An interdisciplinary team of researchers from Denmark, Germany, and the UK is focusing on the best ways to use photonics and exploit its properties to develop a platform that can scale quantum hardware, Phys.Org reported. To this end, the team developed an integrated photonic platform based on thin-film lithium niobate, whose single crystals are important materials for optical waves and are an ideal modulator for low-loss mode.

Then, researchers interfaced the integrated photonic platform with deterministic solid-state single-photon sources based on quantum dots (semiconductor crystals) in nanophotonic waveguides. The resulting photons produced are processed with low-loss circuits, which according to the researchers are programmable at speeds of several gigahertz. Researchers state that fast reprogrammable low-loss optical circuits are key for performing tasks in photonic quantum information processing.

The high-speed platform paved the way for researchers to achieve several key photonic information processing functionalities. The first processing functionality researchers observed during experiments was on-chip quantum interference. Researchers used the Hong-OuMandel (HOM) effect, which is characterized as when two-photon interference is observed. Figure 1 displays the on-chip HOM experiments performed that tested the performance of the platform for photonic quantum information processing.

Another processing functionality the team demonstrated that is key to photonic information processing is an integrated single-photon router. Researchers demonstrated a fully on-chip photon router for the quantum dot-emitted photons. To accomplish this, they leveraged the platforms capability to integrate fast phase shifters with quantum emitter wavelengths to showcase the integrated single-photon router.

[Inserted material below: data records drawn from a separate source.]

Section OneStep.
Variables (M : nat) (g : vec M -> vec M) (lam Lg C eps tau a : R).
Variables (Y : R -> vec M) (E : vec M).
Hypotheses (tau_gt0 : 0 < tau) (eps_gt0 : 0 < eps).
Hypotheses (lam_lt0 : lam < 0) (C_gt0 : 0 < C).
Hypothesis g_osl : osl_on_S g lam.
Hypothesis g_lip : lipschitz_on_S g Lg.
Hypothesis g_bound : forall w, inS w -> Lg * vnorm (g w) <= C.
Hypothesis step_small : - lam * tau <= 2.
Hypothesis step_gain : (1 + C / (eps * (- lam) * (- lam))) * gain (- lam * tau) <= 1.
Hypothesis Y_cont : forall s, a <= s <= a + tau -> forall i,
  limit1_in (fun x => Y x i) (fun x => a <= x <= a + tau) (Y s i) s.
Hypothesis Y_ode : forall s, a < s < a + tau -> forall i,
  derivable_pt_lim (fun x => Y x i) s (g (Y s) i).
Hypothesis Y_S : forall s, a <= s <= a + tau -> inS (Y s).
Hypothesis line_S :
  forall s, a <= s <= a + tau -> inS (vadd E (vscale (s - a) (g E))).
Hypothesis start_close : vnorm (vsub (Y a) E) <= eps.

Let mu := - lam.
Let line s := vadd E (vscale (s - a) (g E)).
Let err s := vsub (Y s) (line s).
Let phi s := vdot (err s) (err s).
Let dphi s := 2 * vdot (err s) (vsub (g (Y s)) (g E)).

Lemma E_in_S : inS E.
Proof. by have := @line_S a ltac:(lra); rewrite Rminus_diag vadd_scale0. Qed.

Lemma err_at_start : err a = vsub (Y a) E.
Proof. by rewrite /err /line Rminus_diag vadd_scale0. Qed.

Lemma err_derive s i : a < s < a + tau ->
  derivable_pt_lim (fun x => err x i) s (g (Y s) i - g E i).
Proof.
move=> s_in; apply: derivable_pt_lim_minus; first exact: Y_ode.
exact: affine_derive.
Qed.

Lemma phi_derive s : a < s < a + tau -> derivable_pt_lim phi s (dphi s).
Proof.
move=> s_in.
have -> : dphi s = \big[Rplus/0]_(i < M)
    ((g (Y s) i - g E i) * err s i + err s i * (g (Y s) i - g E i)).
  by rewrite /dphi /vdot -sumR_scale; apply: eq_bigr => i _; rewrite /vsub; ring.
rewrite /phi /vdot.
apply: (@sumR_derive _ _ (fun i x => err x i * err x i)
          (fun i x => (g (Y s) i - g E i) * err x i + err x i * (g (Y s) i - g E i))).
by move=> i; apply: derivable_pt_lim_mult; apply: err_derive.
Qed.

The team also implemented a universal four-mode interferometer, made up of a network of 6 Mach-Zehnder interferometers and 10 phase modulators, as shown in Figure 2. Programmable multimode quantum photonic interferometers are paramount for the implementation of essential functionalities of photonic quantum technologies. And, the researchers said they interferometers are able to realize circuits for quantum computational advantage experiments or analog quantum simulation.

In a research paper published by Science Advances, researchers detailed their development of the high-speed, integrated photonic platform based on thin-film lithium niobate. The paper is entitled High-speed thin-film lithium niobate quantum processor driven by a solid-state quantum emitter.

The authors argue the results showed that integrated photonics with solid-state deterministic photon sources is a promising option to scale quantum technologies in multiple phases. Going forward, the platform can be further optimized to reduce coupling and propagation loss. In particular, fault-tolerant quantum computing architectures (with loss levels of 10% per photon) are a step closer to reality.

The interdisciplinary team of researchers all come from international institutions including the Center for Hybrid Quantum Networks (Hy-Q), Niels Bohr Institute, University of Copenhagen (Denmark); Institute of Physics, University of Muenster (Germany); CeNTechCenter for Nanotechnology (Germany); SoNCenter for Soft Nanoscience (Germany); Wolfson Institute for Biomedical Research, University College London (UK); Ruhr University Bochum (Germany); and Heidelberg University (Germany).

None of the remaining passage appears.